(* Let $q$ be a prime power and let $ER(q)$ be the Erdős–Rényi graph. Then every independent set $S$ of $ER(q)$ satisfies \[ |S|\le \frac{\sqrt q+\sqrt{q+4(q+1)\frac{q+\sqrt q+1}{q^2+q+1}}}{2\,\frac{q+\sqrt q+1}{q^2+q+1}}. \]
   Context: Let $V=\mathbb F_q^3$. The vertices of $ER(q)$ are the $q^2+q+1$ one-dimensional subspaces of $V$ (points of $PG(2,q)$); points spanned by $x$ and $y$ are adjacent iff $x^Ty=0$. The $q+1$ points with $x^Tx=0$ are adjacent to themselves (carry loops). An independent set is a set of vertices no two distinct members of which are adjacent; looped vertices may belong to it. *)

From HB Require Import structures.
From mathcomp Require Import all_boot all_order all_algebra all_field.
Set Implicit Arguments. Unset Strict Implicit. Unset Printing Implicit Defensive.
Import Order.TTheory GRing.Theory Num.Theory.
Local Open Scope ring_scope.

(* V = F^3 as row vectors; a one-dimensional subspace is represented by its
   canonical row-space matrix <<v>>%MS (v <> 0), so distinct subspaces are
   distinct elements of 'M[F]_3. *)
Definition ER_points (F : finFieldType) : {set 'M[F]_3} :=
  [set (<<v>>%MS : 'M[F]_3) | v in [set v : 'rV[F]_3 | v != 0]].

Definition ER_adj (F : finFieldType) (U W : 'M[F]_3) : bool :=
  [exists x : 'rV[F]_3, exists y : 'rV[F]_3,
     [&& x != 0, y != 0, (<<x>>%MS == U), (<<y>>%MS == W) &
         (x *m y^T == 0)]].

(* independent set: a set of vertices, no two distinct members adjacent
   (looped vertices allowed) *)
Definition ER_independent (F : finFieldType) (S : {set 'M[F]_3}) : Prop :=
  S \subset ER_points F /\
  forall U W, U \in S -> W \in S -> U != W -> ~~ ER_adj U W.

(REQUIRED ACTION)
Could you return exactly the lines above from the line with "Local Open Scope ring_scope." to the line with "(looped vertices allowed) *)", both included, and nothing else?

(EXERCISE OUTPUT)
Local Open Scope ring_scope.

(* V = F^3 as row vectors; a one-dimensional subspace is represented by its
   canonical row-space matrix <<v>>%MS (v <> 0), so distinct subspaces are
   distinct elements of 'M[F]_3. *)
Definition ER_points (F : finFieldType) : {set 'M[F]_3} :=
  [set (<<v>>%MS : 'M[F]_3) | v in [set v : 'rV[F]_3 | v != 0]].

Definition ER_adj (F : finFieldType) (U W : 'M[F]_3) : bool :=
  [exists x : 'rV[F]_3, exists y : 'rV[F]_3,
     [&& x != 0, y != 0, (<<x>>%MS == U), (<<y>>%MS == W) &
         (x *m y^T == 0)]].

(* independent set: a set of vertices, no two distinct members adjacent
   (looped vertices allowed) *)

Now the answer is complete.